** Directions **
Your answer must hold only the lines below from the line containing "have PbL_unit' : cmx" through the line containing "- exists (Q", each reproduced exactly.

** Provided data **
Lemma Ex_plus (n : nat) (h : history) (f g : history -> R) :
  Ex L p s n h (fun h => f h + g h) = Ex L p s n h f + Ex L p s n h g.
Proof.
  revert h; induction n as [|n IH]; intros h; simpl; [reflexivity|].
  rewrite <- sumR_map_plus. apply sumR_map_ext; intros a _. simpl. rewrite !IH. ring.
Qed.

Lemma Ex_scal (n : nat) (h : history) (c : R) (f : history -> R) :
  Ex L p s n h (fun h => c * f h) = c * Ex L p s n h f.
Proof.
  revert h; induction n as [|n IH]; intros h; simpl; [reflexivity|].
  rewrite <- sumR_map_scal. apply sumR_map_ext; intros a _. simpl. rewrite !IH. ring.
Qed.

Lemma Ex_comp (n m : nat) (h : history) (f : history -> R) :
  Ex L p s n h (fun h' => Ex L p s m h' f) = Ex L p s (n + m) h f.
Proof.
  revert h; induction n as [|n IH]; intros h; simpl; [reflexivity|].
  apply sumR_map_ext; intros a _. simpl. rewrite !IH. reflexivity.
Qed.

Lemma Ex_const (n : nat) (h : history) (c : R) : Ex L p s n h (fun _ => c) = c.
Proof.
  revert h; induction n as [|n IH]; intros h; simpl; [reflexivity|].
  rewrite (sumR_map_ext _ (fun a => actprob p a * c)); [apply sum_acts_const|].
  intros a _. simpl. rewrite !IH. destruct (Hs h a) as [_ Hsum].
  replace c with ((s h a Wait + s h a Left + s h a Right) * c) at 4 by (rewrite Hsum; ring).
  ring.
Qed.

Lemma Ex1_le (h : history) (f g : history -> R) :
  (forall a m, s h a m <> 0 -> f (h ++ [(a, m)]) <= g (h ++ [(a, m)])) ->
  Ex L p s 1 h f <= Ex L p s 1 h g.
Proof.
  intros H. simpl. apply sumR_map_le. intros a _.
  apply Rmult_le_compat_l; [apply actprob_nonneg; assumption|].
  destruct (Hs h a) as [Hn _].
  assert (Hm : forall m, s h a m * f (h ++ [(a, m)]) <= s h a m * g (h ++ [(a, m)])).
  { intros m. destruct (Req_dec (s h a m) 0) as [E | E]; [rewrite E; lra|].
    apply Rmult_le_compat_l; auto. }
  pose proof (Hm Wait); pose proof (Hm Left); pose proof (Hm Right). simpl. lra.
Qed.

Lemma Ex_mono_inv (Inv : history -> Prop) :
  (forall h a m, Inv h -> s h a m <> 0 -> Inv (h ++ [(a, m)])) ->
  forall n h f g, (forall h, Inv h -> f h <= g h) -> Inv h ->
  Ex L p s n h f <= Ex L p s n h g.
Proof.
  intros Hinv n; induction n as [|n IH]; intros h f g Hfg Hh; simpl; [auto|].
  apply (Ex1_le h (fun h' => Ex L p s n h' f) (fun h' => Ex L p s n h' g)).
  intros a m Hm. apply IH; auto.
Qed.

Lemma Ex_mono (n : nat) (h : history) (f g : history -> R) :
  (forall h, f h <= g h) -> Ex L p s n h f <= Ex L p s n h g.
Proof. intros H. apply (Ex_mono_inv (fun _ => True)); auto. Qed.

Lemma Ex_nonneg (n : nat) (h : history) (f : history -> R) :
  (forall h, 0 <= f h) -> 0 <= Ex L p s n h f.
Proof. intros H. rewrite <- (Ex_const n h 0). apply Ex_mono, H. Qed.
--
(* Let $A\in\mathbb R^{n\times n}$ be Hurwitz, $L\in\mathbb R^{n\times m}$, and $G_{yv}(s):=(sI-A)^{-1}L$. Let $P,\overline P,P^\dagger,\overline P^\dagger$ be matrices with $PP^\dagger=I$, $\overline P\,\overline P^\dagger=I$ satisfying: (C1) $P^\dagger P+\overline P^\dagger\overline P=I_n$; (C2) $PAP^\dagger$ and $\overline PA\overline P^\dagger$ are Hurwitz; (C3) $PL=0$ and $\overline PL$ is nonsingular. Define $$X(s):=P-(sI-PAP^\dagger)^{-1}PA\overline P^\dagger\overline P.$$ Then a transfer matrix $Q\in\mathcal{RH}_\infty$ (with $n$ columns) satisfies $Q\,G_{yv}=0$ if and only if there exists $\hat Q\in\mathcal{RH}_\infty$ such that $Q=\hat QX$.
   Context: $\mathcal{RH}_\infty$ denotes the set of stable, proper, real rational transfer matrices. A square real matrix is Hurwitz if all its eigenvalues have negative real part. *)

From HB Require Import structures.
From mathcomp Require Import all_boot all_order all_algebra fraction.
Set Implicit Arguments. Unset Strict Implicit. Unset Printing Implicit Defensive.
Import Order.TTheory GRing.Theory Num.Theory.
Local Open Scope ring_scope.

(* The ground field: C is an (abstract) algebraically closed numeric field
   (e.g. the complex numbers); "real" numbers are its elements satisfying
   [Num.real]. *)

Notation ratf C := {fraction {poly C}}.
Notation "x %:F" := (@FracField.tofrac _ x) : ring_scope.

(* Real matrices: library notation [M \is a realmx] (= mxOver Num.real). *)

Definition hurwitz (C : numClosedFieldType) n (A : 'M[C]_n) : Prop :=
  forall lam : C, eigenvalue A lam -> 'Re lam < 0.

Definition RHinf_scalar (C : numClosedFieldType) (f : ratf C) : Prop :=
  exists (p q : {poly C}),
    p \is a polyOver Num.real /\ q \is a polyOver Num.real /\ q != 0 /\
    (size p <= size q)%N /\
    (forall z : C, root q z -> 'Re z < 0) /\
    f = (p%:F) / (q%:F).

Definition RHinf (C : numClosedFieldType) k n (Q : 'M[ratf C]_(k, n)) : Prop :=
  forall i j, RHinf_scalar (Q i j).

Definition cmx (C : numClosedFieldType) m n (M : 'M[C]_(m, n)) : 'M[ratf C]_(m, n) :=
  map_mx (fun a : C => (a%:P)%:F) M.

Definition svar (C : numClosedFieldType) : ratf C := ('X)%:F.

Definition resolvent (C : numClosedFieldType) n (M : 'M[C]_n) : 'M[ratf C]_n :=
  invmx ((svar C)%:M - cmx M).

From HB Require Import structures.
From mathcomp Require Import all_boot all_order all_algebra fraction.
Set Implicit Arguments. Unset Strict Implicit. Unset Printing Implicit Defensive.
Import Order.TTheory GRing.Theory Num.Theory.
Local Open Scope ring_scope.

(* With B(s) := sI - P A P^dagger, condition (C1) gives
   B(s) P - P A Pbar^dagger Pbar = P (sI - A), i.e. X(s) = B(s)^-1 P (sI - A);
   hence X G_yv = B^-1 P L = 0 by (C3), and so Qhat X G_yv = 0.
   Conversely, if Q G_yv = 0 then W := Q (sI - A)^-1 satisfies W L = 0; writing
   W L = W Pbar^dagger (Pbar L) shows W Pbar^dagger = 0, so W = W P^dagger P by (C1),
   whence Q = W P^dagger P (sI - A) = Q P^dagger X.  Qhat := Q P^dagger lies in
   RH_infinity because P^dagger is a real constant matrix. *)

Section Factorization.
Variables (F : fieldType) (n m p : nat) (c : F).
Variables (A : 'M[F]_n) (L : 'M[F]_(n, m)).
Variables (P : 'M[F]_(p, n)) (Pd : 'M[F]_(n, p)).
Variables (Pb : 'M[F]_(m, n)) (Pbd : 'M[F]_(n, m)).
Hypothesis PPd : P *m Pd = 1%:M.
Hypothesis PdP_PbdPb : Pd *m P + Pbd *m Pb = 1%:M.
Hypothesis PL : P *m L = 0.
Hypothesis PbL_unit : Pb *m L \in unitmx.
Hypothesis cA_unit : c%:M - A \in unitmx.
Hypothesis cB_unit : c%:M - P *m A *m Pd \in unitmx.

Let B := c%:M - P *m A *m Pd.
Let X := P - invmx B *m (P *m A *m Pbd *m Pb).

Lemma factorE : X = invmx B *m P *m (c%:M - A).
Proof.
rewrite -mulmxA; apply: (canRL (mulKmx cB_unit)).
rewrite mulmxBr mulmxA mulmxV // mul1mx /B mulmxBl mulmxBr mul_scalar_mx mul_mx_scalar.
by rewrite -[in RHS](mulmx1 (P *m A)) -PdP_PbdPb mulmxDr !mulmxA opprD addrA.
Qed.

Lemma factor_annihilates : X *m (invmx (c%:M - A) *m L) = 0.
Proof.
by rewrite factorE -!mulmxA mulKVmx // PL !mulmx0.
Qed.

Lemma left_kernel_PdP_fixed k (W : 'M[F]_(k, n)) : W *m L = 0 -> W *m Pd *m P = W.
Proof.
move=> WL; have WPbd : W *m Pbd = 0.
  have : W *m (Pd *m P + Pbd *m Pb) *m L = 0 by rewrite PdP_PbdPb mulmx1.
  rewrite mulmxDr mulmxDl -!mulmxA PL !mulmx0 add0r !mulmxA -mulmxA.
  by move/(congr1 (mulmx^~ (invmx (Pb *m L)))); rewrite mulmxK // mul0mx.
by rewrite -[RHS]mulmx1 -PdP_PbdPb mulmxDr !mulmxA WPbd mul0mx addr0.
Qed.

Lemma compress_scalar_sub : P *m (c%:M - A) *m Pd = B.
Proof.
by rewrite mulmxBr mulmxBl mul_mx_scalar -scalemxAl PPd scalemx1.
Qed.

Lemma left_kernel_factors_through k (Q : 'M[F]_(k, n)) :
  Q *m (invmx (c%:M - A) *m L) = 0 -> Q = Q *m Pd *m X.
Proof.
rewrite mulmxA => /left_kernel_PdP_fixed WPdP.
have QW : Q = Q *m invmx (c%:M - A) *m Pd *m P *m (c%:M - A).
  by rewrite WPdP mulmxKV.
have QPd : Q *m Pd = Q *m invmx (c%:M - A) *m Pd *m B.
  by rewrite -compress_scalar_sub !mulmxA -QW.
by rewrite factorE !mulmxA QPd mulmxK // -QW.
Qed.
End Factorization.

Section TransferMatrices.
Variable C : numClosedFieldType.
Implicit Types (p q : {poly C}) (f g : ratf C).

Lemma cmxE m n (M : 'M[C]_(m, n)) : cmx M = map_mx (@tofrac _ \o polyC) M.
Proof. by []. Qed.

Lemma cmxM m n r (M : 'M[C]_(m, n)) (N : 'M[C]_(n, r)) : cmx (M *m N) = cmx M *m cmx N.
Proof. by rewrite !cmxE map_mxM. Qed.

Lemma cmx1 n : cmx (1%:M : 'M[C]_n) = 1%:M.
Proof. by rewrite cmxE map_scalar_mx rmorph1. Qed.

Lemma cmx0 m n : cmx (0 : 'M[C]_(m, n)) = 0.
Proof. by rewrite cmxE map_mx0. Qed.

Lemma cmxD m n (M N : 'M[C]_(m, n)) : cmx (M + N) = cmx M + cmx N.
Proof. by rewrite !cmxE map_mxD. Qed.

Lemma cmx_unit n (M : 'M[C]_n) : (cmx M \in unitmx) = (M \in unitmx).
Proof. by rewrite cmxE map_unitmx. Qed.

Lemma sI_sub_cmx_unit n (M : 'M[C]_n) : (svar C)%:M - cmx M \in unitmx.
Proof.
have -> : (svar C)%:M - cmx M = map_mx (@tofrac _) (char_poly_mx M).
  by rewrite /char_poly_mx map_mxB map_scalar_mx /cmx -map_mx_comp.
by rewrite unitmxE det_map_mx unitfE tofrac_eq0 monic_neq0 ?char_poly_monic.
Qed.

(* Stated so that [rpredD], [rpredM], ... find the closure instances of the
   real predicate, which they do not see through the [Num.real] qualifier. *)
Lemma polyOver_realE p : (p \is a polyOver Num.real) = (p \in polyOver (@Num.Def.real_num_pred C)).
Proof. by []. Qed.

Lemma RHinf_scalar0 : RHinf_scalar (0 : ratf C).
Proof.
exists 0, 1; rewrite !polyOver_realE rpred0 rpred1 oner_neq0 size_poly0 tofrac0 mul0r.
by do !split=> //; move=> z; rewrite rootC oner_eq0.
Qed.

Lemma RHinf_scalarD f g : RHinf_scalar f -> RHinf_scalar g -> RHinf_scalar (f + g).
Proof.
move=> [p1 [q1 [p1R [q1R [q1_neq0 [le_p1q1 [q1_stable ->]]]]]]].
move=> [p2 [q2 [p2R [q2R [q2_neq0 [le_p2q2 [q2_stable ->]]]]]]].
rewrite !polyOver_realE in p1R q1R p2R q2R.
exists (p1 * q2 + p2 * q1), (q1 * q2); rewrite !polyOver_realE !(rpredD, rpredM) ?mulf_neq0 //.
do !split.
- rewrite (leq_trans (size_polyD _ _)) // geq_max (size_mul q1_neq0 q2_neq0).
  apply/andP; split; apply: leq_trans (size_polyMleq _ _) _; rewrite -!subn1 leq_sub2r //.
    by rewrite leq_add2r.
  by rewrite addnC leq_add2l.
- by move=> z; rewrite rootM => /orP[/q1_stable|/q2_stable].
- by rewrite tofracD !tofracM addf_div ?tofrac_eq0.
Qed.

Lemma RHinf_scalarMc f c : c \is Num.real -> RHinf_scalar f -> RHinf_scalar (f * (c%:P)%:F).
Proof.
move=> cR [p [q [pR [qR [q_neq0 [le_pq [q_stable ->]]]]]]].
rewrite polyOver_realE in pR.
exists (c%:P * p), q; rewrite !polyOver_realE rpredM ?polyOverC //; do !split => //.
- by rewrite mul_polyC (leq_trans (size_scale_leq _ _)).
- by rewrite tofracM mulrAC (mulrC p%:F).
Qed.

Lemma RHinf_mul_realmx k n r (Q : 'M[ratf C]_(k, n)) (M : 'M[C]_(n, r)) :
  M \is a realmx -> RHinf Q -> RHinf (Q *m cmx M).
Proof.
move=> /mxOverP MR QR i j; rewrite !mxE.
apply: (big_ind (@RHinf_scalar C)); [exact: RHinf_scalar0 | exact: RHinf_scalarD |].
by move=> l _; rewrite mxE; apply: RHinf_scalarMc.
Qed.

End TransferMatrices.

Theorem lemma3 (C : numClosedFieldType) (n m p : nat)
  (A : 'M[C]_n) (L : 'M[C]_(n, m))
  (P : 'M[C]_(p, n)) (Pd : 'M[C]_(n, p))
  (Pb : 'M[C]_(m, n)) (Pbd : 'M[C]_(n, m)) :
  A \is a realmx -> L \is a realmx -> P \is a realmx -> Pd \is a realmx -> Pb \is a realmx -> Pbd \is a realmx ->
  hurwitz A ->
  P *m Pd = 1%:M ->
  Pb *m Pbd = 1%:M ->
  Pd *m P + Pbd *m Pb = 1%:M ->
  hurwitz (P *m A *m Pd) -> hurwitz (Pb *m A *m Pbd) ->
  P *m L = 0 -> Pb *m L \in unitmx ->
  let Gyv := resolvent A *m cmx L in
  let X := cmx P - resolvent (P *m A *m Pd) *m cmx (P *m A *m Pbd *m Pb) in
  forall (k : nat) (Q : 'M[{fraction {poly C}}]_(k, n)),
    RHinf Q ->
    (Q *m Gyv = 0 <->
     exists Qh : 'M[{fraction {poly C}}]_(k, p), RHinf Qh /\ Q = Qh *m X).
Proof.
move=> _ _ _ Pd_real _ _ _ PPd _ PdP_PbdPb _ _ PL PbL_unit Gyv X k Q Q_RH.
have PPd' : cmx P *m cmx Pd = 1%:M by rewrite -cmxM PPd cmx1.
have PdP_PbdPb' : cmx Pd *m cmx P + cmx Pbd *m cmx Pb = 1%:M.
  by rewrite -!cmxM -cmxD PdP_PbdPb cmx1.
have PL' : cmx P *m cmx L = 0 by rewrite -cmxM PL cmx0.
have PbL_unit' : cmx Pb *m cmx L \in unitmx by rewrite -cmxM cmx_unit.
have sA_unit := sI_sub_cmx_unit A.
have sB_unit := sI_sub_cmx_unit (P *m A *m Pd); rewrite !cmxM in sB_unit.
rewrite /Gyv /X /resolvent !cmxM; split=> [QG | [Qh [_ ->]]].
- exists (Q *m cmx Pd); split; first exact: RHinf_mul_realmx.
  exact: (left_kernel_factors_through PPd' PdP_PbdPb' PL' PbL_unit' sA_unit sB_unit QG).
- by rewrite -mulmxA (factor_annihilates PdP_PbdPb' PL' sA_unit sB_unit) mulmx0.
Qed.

** Your solution **
have PbL_unit' : cmx Pb *m cmx L \in unitmx by rewrite -cmxM cmx_unit.
have sA_unit := sI_sub_cmx_unit A.
have sB_unit := sI_sub_cmx_unit (P *m A *m Pd); rewrite !cmxM in sB_unit.
rewrite /Gyv /X /resolvent !cmxM; split=> [QG | [Qh [_ ->]]].
- exists (Q *m cmx Pd); split; first exact: RHinf_mul_realmx.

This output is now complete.